Esas altas habitaciones, con sus cielorrasos tallados y decorados, algunos pintados, otros con inscripciones en latín o en dialecto de Cornualles, eran, un deleite para mí. Me gustaba tocar la suntuosa tela de las cortinas, quitarme los zapatos y sentir la mullida alfombra. Me agradaba sentarme en los sillones y canapés e imaginarme dando órdenes; y a veces hablaba conmigo misma como si yo fuese el ama de la casa. Eso se convirtió en un juego del que yo disfrutaba, y nunca me perdía una oportunidad de jugarlo. Pero aunque tanto admiraba los aposentos, lujosamente amueblados, que la familia utilizaba, me sentía atraída una y otra vez hacia esa parte de la casa que casi nunca se usaba y que evidentemente había formado parte del antiguo convento. Era allí donde Johnny me había llevado la noche del baile. La rodeaba un aroma que repelía y fascinaba al mismo tiempo; un olor húmedo, oscuro; un olor a pasado. Las escaleras, que parecían surgir de pronto y enroscarse por algunos peldaños para luego terminar en una puerta o en un corredor; la piedra que había sido desgastada por millones de pisadas; esos extraños y pequeños— aposentos, con ventanas que parecían hendiduras, que habían sido las celdas de las monjas; y bajo tierra estaban las mazmorras, ya que la casa había tenido una prisión. Descubrí la capilla —oscura y húmeda— con su antiquísimo tríptico, sus bancos de madera, su piso de baldosas de piedra, su altar donde había velas que parecían preparadas para que los ocupantes de la casa acudiesen a orar. Pero yo sabía que nunca se la utilizaba ya, puesto que los Saint Larston iban a orar a la iglesia de Saint Larston.
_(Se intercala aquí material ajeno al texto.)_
Definition is_matroid (M : setsys) : Prop :=
  [/\ indep M set0,
      (forall X : {set T}, indep M X -> X \subset ground M),
      (forall X Y : {set T}, Y \subset X -> indep M X -> indep M Y) &
      (forall X Y : {set T}, indep M X -> indep M Y -> #|X| < #|Y| ->
          exists2 y, y \in Y :\: X & indep M (y |: X))].

Definition rank (M : setsys) (A : {set T}) : nat :=
  \max_(X : {set T} | (X \subset A) && indep M X) #|X|.

Definition mrank (M : setsys) : nat := rank M (ground M).

Definition is_basis (M : setsys) (B : {set T}) : bool :=
  indep M B && [forall Y : {set T}, (indep M Y && (B \subset Y)) ==> (Y == B)].

Definition is_circuit (M : setsys) (C : {set T}) : bool :=
  [&& C \subset ground M, ~~ indep M C &
      [forall D : {set T}, (D \proper C) ==> indep M D]].

Definition meets_all_bases (M : setsys) (D : {set T}) : bool :=
  [forall B : {set T}, is_basis M B ==> (D :&: B != set0)].

Definition is_cut (M : setsys) (D : {set T}) : bool :=
  [&& D \subset ground M, meets_all_bases M D &
      [forall D' : {set T}, (D' \proper D) ==> ~~ meets_all_bases M D']].

Definition loopless (M : setsys) : Prop :=
  forall e : T, e \in ground M -> indep M [set e].

Definition is_flat (M : setsys) (F : {set T}) : Prop :=
  F \subset ground M /\
  forall e : T, e \in ground M -> e \notin F -> rank M F < rank M (e |: F).

Definition restrict (M : setsys) (S : {set T}) : setsys :=
  SetSys S (fun X => (X \subset S) && indep M X).

Definition contract (M : setsys) (S : {set T}) : setsys :=
  SetSys (ground M :\: S)
    (fun X => (X \subset ground M :\: S) && (rank M (X :|: S) == #|X| + rank M S)).

(* a coloring: a partition of the ground set into nonempty color classes *)
Definition is_coloring (M : setsys) (P : {set {set T}}) : bool :=
  partition P (ground M).

Definition rainbow (P : {set {set T}}) (C : {set T}) : bool :=
  [forall S in P, #|C :&: S| <= 1].

Definition rainbow_circuit_free (M : setsys) (P : {set {set T}}) : Prop :=
  forall C : {set T}, is_circuit M C -> ~~ rainbow P C.

Definition rank_preserving (M : setsys) (P : {set {set T}}) : Prop :=
  #|P| = mrank M.

Definition standard (M : setsys) (P : {set {set T}}) : Prop :=
  exists s : seq {set T},
    [/\ uniq s, [set S in s] = P &
        forall i, i < size s ->
          is_cut (restrict M (\bigcup_(j < i.+1) nth set0 s j)) (nth set0 s i)].

Definition has_nonstd_rp_rcf_coloring (M : setsys) : Prop :=
  exists P : {set {set T}},
    [/\ is_coloring M P, rainbow_circuit_free M P, rank_preserving M P
        & ~ standard M P].

End Matroids.

From mathcomp Require Import all_boot zify.
Set Implicit Arguments. Unset Strict Implicit. Unset Printing Implicit Defensive.

(* A coloring P of M|F and a coloring Q of M/F glue to the coloring P :|: Q of M. It is rank
   preserving because r(M|F) + r(M/F) = r(M), and rainbow circuit-free because a circuit of M
   inside F is a circuit of M|F, while a circuit C not inside F leaves a dependent set C :\: F
   of M/F. As F is a flat, M/F is loopless, so both minors have rank-preserving rainbow
   circuit-free colorings (by induction on the ground set: color M|H for a hyperplane H and give
   the cocircuit E :\: H one color). Finally, in a standard ordering of P :|: Q every class
   raises the rank of the union of the classes before it by exactly one; counting shows that
   the classes of P then raise r(_ :&: F), and those of Q raise r(_ :|: F), by exactly one
   each, which are the cut conditions making the induced orderings of P and Q standard. *)

Section Rank.
Variables (T : finType) (M : setsys T).

Lemma indep_card_le_rank (A X : {set T}) : X \subset A -> indep M X -> #|X| <= rank M A.
Proof.
move=> sXA iX.
by apply: (@leq_bigmax_cond _ (fun Y : {set T} => (Y \subset A) && indep M Y)); rewrite sXA.
Qed.

Hypothesis HM : is_matroid M.

Lemma indep0 : indep M set0.
Proof. by case: HM. Qed.

Lemma indep_ground (X : {set T}) : indep M X -> X \subset ground M.
Proof. by case: HM => _ sub _ _; apply: sub. Qed.

Lemma indepS (X Y : {set T}) : Y \subset X -> indep M X -> indep M Y.
Proof. by case: HM => _ _ sub _; apply: sub. Qed.

Lemma rank_witness (A : {set T}) :
  exists2 X : {set T}, (X \subset A) && indep M X & #|X| = rank M A.
Proof.
have [|X AX eX] := eq_bigmax_cond (fun X : {set T} => #|X|)
  (A := [pred X : {set T} | (X \subset A) && indep M X]).
  by apply/card_gt0P; exists set0; rewrite inE sub0set indep0.
by exists X; rewrite // -eX; apply: eq_bigl.
Qed.

Lemma rank_mono (A B : {set T}) : A \subset B -> rank M A <= rank M B.
Proof.
move=> sAB; have [X /andP[sXA iX] <-] := rank_witness A.
exact: indep_card_le_rank (subset_trans sXA sAB) iX.
Qed.

Lemma rank_le_card (A : {set T}) : rank M A <= #|A|.
Proof. by have [X /andP[sXA _] <-] := rank_witness A; apply: subset_leq_card. Qed.

Lemma rank_set0 : rank M set0 = 0.
Proof. by apply/eqP; rewrite -leqn0 -(cards0 T) rank_le_card. Qed.

Lemma rank_indep (X : {set T}) : indep M X -> rank M X = #|X|.
Proof. by move=> iX; apply/eqP; rewrite eqn_leq rank_le_card indep_card_le_rank. Qed.

Lemma rank_lt_card (X : {set T}) : ~~ indep M X -> rank M X < #|X|.
Proof.
apply: contraR; rewrite -leqNgt => leXr.
have [Y /andP[sYX iY] eY] := rank_witness X.
suff -> : X = Y by [].
by apply/eqP; rewrite eq_sym eqEcard sYX eY.
Qed.

Lemma rank_extend (J A : {set T}) : indep M J -> J \subset A ->
  exists I : {set T}, [/\ J \subset I, I \subset A, indep M I & #|I| = rank M A].
Proof.
move Hk: (rank M A - #|J|) => k; elim: k J Hk => [|k IH] J Hk iJ sJA.
  by exists J; split=> //; apply/eqP; rewrite eqn_leq indep_card_le_rank // -subn_eq0 Hk.
have [X /andP[sXA iX] eX] := rank_witness A.
case: HM => _ _ _ augment.
have [|y /setDP[yX yJ] iyJ] := augment J X iJ iX; first by lia.
have [|||I [sI sIA iI eI]] := IH (y |: J).
- by rewrite cardsU1 yJ; lia.
- exact: iyJ.
- by rewrite subUset sub1set (subsetP sXA).
by exists I; split=> //; apply: subset_trans sI; apply: subsetUr.
Qed.

Lemma rank_submod (A B : {set T}) :
  rank M (A :|: B) + rank M (A :&: B) <= rank M A + rank M B.
Proof.
have [I /andP[sI iI] eI] := rank_witness (A :&: B).
have [J [sIJ sJ iJ <-]] :=
  rank_extend iI (subset_trans sI (subset_trans (subsetIl A B) (subsetUl A B))).
have iJ_ D : indep M (J :&: D) := indepS (subsetIl J D) iJ.
have rA : #|J :&: A| <= rank M A := indep_card_le_rank (subsetIr _ _) (iJ_ A).
have rB : #|J :&: B| <= rank M B := indep_card_le_rank (subsetIr _ _) (iJ_ B).
have eJ : (J :&: A) :|: (J :&: B) = J by rewrite -setIUr; apply/setIidPl.
have sII : #|I| <= #|(J :&: A) :&: (J :&: B)|.
  by apply: subset_leq_card; rewrite setIACA setIid subsetI sIJ.
by have := cardsUI (J :&: A) (J :&: B); rewrite eJ -eI; lia.
Qed.

Lemma rank_diminishing (A B X : {set T}) : A \subset B ->
  rank M (B :|: X) + rank M A <= rank M B + rank M (A :|: X).
Proof.
move=> sAB; have := rank_submod B (A :|: X).
rewrite setUA (setUidPl sAB).
have : rank M A <= rank M (B :&: (A :|: X)) by apply: rank_mono; rewrite subsetI sAB subsetUl.
lia.
Qed.

Lemma rankU_le (A B : {set T}) : rank M (A :|: B) <= rank M A + #|B|.
Proof. by have := rank_submod A B; have := rank_le_card B; lia. Qed.

Lemma rankU1_le (A : {set T}) (x : T) : rank M (x |: A) <= (rank M A).+1.
Proof. by rewrite setUC -addn1 -(cards1 x) rankU_le. Qed.

Lemma span_mono (A B : {set T}) (x : T) : A \subset B ->
  rank M (x |: A) <= rank M A -> rank M (x |: B) <= rank M B.
Proof.
by move=> sAB; have := rank_diminishing [set x] sAB; rewrite ![_ :|: [set x]]setUC; lia.
Qed.

Lemma span_setU (A Z : {set T}) :
  (forall y, y \in Z -> rank M (y |: A) <= rank M A) -> rank M (A :|: Z) <= rank M A.
Proof.
rewrite -(set_enum Z); elim: (enum Z) => [|y s IH] span_s; first by rewrite set_nil setU0.
rewrite set_cons setUCA.
have {}IH : rank M (A :|: [set:: s]) <= rank M A.
  by apply: IH => z zs; apply: span_s; rewrite set_cons in_setU zs orbT.
apply: leq_trans IH; apply: span_mono (subsetUl _ _) _.
by apply: span_s; rewrite set_cons setU11.
Qed.

End Rank.

Section Cuts.
Variables (T : finType) (N : setsys T).
Hypothesis HN : is_matroid N.

Lemma basisP (B : {set T}) : reflect (indep N B /\ mrank N <= #|B|) (is_basis N B).
Proof.
apply: (iffP andP) => [[iB /forallP maxB] | [iB leB]]; split=> //.
  have [I [sBI _ iI eI]] := rank_extend HN iB (indep_ground HN iB).
  by have /implyP/(_ _)/eqP <- := maxB I; rewrite ?iI ?sBI // eI.
apply/forallP => Y; apply/implyP => /andP[iY sBY].
have := indep_card_le_rank (indep_ground HN iY) iY.
rewrite eq_sym eqEcard sBY -/(mrank N) /=; lia.
Qed.

Lemma meets_all_basesP (D : {set T}) :
  meets_all_bases N D = (rank N (ground N :\: D) < mrank N).
Proof.
apply/forallP/idP => [meets | lt B].
  rewrite ltnNge; apply/negP => le.
  have [I /andP[sI iI] eI] := rank_witness HN (ground N :\: D).
  have /implyP/(_ _)/set0Pn[|x /setIP[xD xI]] := meets I.
    by apply/basisP; rewrite eI.
  by have /setDP[_ /negP] := subsetP sI x xI.
apply/implyP => /basisP[iB leB]; apply: contraTneq lt => DB0.
rewrite -leqNgt; apply: leq_trans leB (indep_card_le_rank _ iB).
rewrite subsetD indep_ground //= disjoint_sym -setI_eq0.
by apply/eqP.
Qed.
En esa parte de la casa habían vivido las seis vírgenes; sus pies habían pisado esos mismos corredores de piedra; sus manos habían aferrado la soga al subir los empinados peldaños.
Empecé a querer a esa casa; y puesto que amar era ser feliz, no era desdichada, en esos días, a pesar de pequeñas humillaciones. Me había hecho valer en la sala de los criados, y más bien había gozado de la batalla que allí se hubo de librar, especialmente porque, según me lo aseguraba, yo había sido la vencedora. No era hermosa con los rasgos finamente cincelados de Judith Saint Larston ni con el sutil encanto de porcelana de Mellyora, pero con mi resplandeciente cabello negro, mis grandes ojos que eran muy buenos para expresar desdén, y mi orgullo, era más sorprendentemente atractiva que ellas. Era alta y delgada casi hasta la flacura, y poseía una indefinible cualidad de extranjera que, empezaba a darme cuenta, podía utilizarse en mi beneficio.
Haggety era consciente de ella. Me había colocado en la mesa junto a él mismo, una circunstancia que desagradaba a la señora Rolt; lo sabía porque la había oído protestar.
—Oh, querida mía, por favor —respondió él—, después de todo es la doncella de compañía, como usted debería saber. Es un poco diferente de esas criadas suyas.
—Y a mí me gustaría saber de dónde vino.
—Eso no tiene remedio. Lo que debemos tener en cuenta, es lo que ella es.
¡Lo que ella es!, pensé mientras me pasaba las manos por las caderas. Cada día, a cada hora, me estaba reconciliando más y más con mi vida. Humillaciones, sí, pero la vida en el Abbas podía ser más regocijante que en cualquier otra parte. Y yo vivía allí.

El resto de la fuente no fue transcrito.